━━━ Records to process ━━━

Lemma brX_idx2_coord1 (l : 'I_n) : brX phi idx2 l 0 idx1 = - (l == idx1)%:R.
Proof.
rewrite brX_idx2; have [->|[->|l2]] := idx_cases l.
- by rewrite /= mxE XE.
- by rewrite /= mxE oppr0.
- have -> : (l == 0 :> nat) = false by apply/eqP; lia.
  have -> : (l == 1 :> nat) = false by apply/eqP; lia.
  have l1 : (l == idx1) = false by apply/eqP => E; move: l2; rewrite E.
  by rewrite scaleXE l1 mulr0 oppr0.
Qed.

Lemma brX_ge2_coord1 (u l : 'I_n) : (2 <= u)%N -> brX phi u l 0 idx1 = symp u l.
Proof.
move=> u2; have [->|l1] := eqVneq l idx2.
  have u1 : (u == idx1) = false by apply/eqP => E; move: u2; rewrite E.
  by rewrite brX_ge2_idx2 // mxE scaleXE u1 mulr0 oppr0 symp_1.
by rewrite brX_ge2 ?scaleXE ?eqxx ?mulr1 //; apply: contra_neq l1 => E; apply/val_inj.
Qed.



Lemma ev2_brC_coord (i m : 'I_n) y :
  ev2 (brC phi) (X C i) y 0 m = \sum_j y 0 j * brX phi i j 0 m.
Proof. by rewrite ev2_Xl summxE; apply: eq_bigr => j _; rewrite mxE ffunE. Qed.

Definition homog0 psi :=
  forall i j m : 'I_n, degX m != (degX i + degX j)%N -> psi (i, j) 0 m = 0.

Lemma X_in_grade (m : 'I_n) : in_grade (degX m) (X C m).
Proof. by move=> l; rewrite XE; case: (eqVneq m l) => [->|]; rewrite ?eqxx. Qed.

Lemma in_grade_ge3 a x : (3 <= a)%N -> in_grade a x -> x = 0.
Proof.
move=> a3 xa; apply/rowP => m; rewrite mxE; apply: xa.
by apply/negP => /eqP E; move: (degX_le2 m); rewrite E; lia.
Qed.

Lemma in_gradeD a x y : in_grade a x -> in_grade a y -> in_grade a (x + y).
Proof. by move=> xa ya m Hm; rewrite mxE xa // ya // addr0. Qed.

Lemma in_gradeB a x y : in_grade a x -> in_grade a y -> in_grade a (x - y).
Proof. by move=> xa ya m Hm; rewrite !mxE xa // ya // subr0. Qed.

Lemma ev2_in_grade psi a b x y : homog0 psi ->
  in_grade a x -> in_grade b y -> in_grade (a + b) (ev2 psi x y).
Proof.
move=> psi0 xa yb m Hm; rewrite /ev2 summxE big1 // => i _.
rewrite summxE big1 // => j _; rewrite mxE.
case: (eqVneq (degX i) a) => [Ei|Ni]; last by rewrite xa // !mul0r.
case: (eqVneq (degX j) b) => [Ej|Nj]; last by rewrite (yb j) // mulr0 mul0r.
by rewrite psi0 ?mulr0 // Ei Ej.
Qed.

Lemma homogeneous0P psi : homogeneous 0 psi <-> homog0 psi.
Proof.
split=> [psi0 i j m Hm|psi0 a b x y xa yb].
  have := psi0 _ _ _ _ (X_in_grade (m := i)) (X_in_grade (m := j)).
  by rewrite ev2_X addn0; apply.
by rewrite addn0; apply: ev2_in_grade.
Qed.

Lemma alternatingP psi : alternating psi <-> skew psi.
Proof.
split=> [psi0 i j|psiN x]; last first.
  by apply: mx_eqN_eq0; rewrite {1}(ev2_skew psiN x x).
have := psi0 (X C i + X C j); rewrite ev2Dl !ev2Dr !ev2_X.
have := psi0 (X C i); have := psi0 (X C j); rewrite !ev2_X => -> ->.
by rewrite add0r addr0 => /eqP; rewrite addr_eq0 => /eqP ->; rewrite opprK.
Qed.

Lemma brC_homog0 : homog0 (brC phi).
Proof.
move=> i j m; rewrite ffunE /=.
have [->|[->|i2]] := idx_cases i.
- move=> Hm; rewrite brX_idx1 scaleXE.
  case: (eqVneq idx1 m) => [Em|]; last by rewrite /= ?mulr0n mulr0.
  case: (eqVneq (j : nat) 1) => [j1|]; last by rewrite /= ?mulr0n mul0r.
  by move: Hm; rewrite -Em /degX j1.
- have [->|[->|j2]] := idx_cases j.
  + move=> Hm; rewrite brX_idx2 /= mxE XE.
    case: (eqVneq idx1 m) => [Em|]; last by rewrite /= ?mulr0n oppr0.
    by move: Hm; rewrite -Em.
  + by rewrite brX_idx2 /= mxE.
  + move=> Hm; rewrite brX_idx2_ge2 // scaleXE.
    case: (eqVneq j m) => [Em|]; last by rewrite /= ?mulr0n mulr0.
    by move: Hm; rewrite -Em degX_idx2 add0n eqxx.
- have [->|j1] := eqVneq j idx2.
    move=> Hm; rewrite brX_ge2_idx2 // mxE scaleXE.
    case: (eqVneq i m) => [Em|]; last by rewrite /= ?mulr0n mulr0 oppr0.
    by move: Hm; rewrite -Em degX_idx2 addn0 eqxx.
  have j1' : (j : nat) != 1%N by apply: contra_neq j1 => E; apply/val_inj.
  move=> Hm; rewrite brX_ge2 // scaleXE.
  case: (eqVneq idx1 m) => [Em|]; last by rewrite /= ?mulr0n mulr0.
  have [j0|[j1''|j2]] := idx_cases j.
  + by rewrite j0 symp_0 // mul0r.
  + by rewrite j1'' eqxx in j1.
  + by move: Hm; rewrite -Em degX_idx1 (degX_ge2 i2) (degX_ge2 j2).
Qed.

Lemma d2_in_grade psi a b c x y z : homog0 psi ->
  in_grade a x -> in_grade b y -> in_grade c z -> in_grade (a + b + c) (d2 phi psi x y z).
Proof.
move=> psi0 xa yb zc; rewrite d2E.
have G := ev2_in_grade; have B0 := brC_homog0.
repeat apply: in_gradeB || apply: in_gradeD.
- by rewrite -addnA; apply: (G) => //; apply: (G).
- by rewrite [(a + b)%N]addnC -addnA; apply: (G) => //; apply: (G).
- by rewrite addnC; apply: (G) => //; apply: (G).
- by apply: (G) => //; apply: (G).
- by rewrite addnAC; apply: (G) => //; apply: (G).
- by rewrite -addnA addnC; apply: (G) => //; apply: (G).
Qed.

Lemma cocycle_sorted psi : skew psi ->
  (forall i j k : 'I_n, (i < j < k)%N -> d2 phi psi (X C i) (X C j) (X C k) = 0) ->
  is_cocycle phi psi.
Proof.
move=> psiN d2X; apply: cocycle_basis.
have S12 := d2_skew12 phi psiN; have S23 := d2_skew23 phi psiN.
have E : forall x y z, d2 phi psi y x z = 0 -> d2 phi psi x y z = 0.
  by move=> x y z H; rewrite (S12 y x z) H oppr0.
have F : forall x y z, d2 phi psi x z y = 0 -> d2 phi psi x y z = 0.
  by move=> x y z H; rewrite (S23 x z y) H oppr0.
have D1 : forall x z, d2 phi psi x x z = 0.
  by move=> x z; apply: mx_eqN_eq0; rewrite {1}S12.
have D2 : forall x z, d2 phi psi x z z = 0.
  by move=> x z; apply: mx_eqN_eq0; rewrite {1}S23.
move=> i j k.
case: (ltngtP i j) => [ij|ji|/val_inj ->]; last exact: D1.
- case: (ltngtP j k) => [jk|kj|/val_inj ->]; last exact: D2.
  + by apply: (d2X); rewrite ij jk.
  + case: (ltngtP i k) => [ik|ki|/val_inj ->].
    * by apply: (F); apply: (d2X); rewrite ik kj.
    * by apply: (F); apply: (E); apply: (d2X); rewrite ki ij.
    * by apply: (F); apply: (D1).
- case: (ltngtP i k) => [ik|ki|/val_inj ->].
  + by apply: (E); apply: (d2X); rewrite ji ik.
  + case: (ltngtP j k) => [jk|kj|/val_inj ->].
    * by apply: (E); apply: (F); apply: (d2X); rewrite jk ki.
    * by apply: (E); apply: (F); apply: (E); apply: (d2X); rewrite kj ji.
    * exact: D2.
  + by apply: (E); apply: (D2).
Qed.

(* By the grading, the only nonzero component of [d2 psi] on sorted basis
   triples is the [X_1]-coordinate of [d2 psi X_2 X_u X_w]. *)
Lemma cocycle_reduction psi : skew psi -> homog0 psi ->
  (forall u w : 'I_n, (2 <= u)%N -> (u < w)%N ->
     d2 phi psi (X C idx2) (X C u) (X C w) 0 idx1 = 0) ->
  is_cocycle phi psi.
Proof.
move=> psiN psi0 d2uw; apply: cocycle_sorted => // i j k /andP [ij jk].
have G := d2_in_grade psi0 (X_in_grade (m := i)) (X_in_grade (m := j)) (X_in_grade (m := k)).
have k2 : (2 <= k)%N by lia.
have [Ei|[Ei|i2]] := idx_cases i.
- by apply: in_grade_ge3 G; rewrite Ei degX_idx1 (degX_ge2 k2); lia.
- subst i; have j2 : (2 <= j)%N by move: ij; rewrite /=; lia.
  apply/rowP => m; rewrite [RHS]mxE.
  have [->|[Em|m2]] := idx_cases m; first exact: d2uw.
  + by apply: G; rewrite Em degX_idx2 (degX_ge2 j2) (degX_ge2 k2).
  + by apply: G; rewrite (degX_ge2 m2) degX_idx2 (degX_ge2 j2) (degX_ge2 k2).
- apply: in_grade_ge3 G.
  by rewrite (degX_ge2 i2) (degX_ge2 (leq_trans i2 (ltnW ij))) (degX_ge2 k2).
Qed.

━━━

Print nothing but the lines from the line with "m2) degX_idx2 (degX_ge2 j2) (degX_ge2 k2)." to the last line of the records above. Both of those lines count.

  + by apply: G; rewrite (degX_ge2 m2) degX_idx2 (degX_ge2 j2) (degX_ge2 k2).
- apply: in_grade_ge3 G.
  by rewrite (degX_ge2 i2) (degX_ge2 (leq_trans i2 (ltnW ij))) (degX_ge2 k2).
Qed.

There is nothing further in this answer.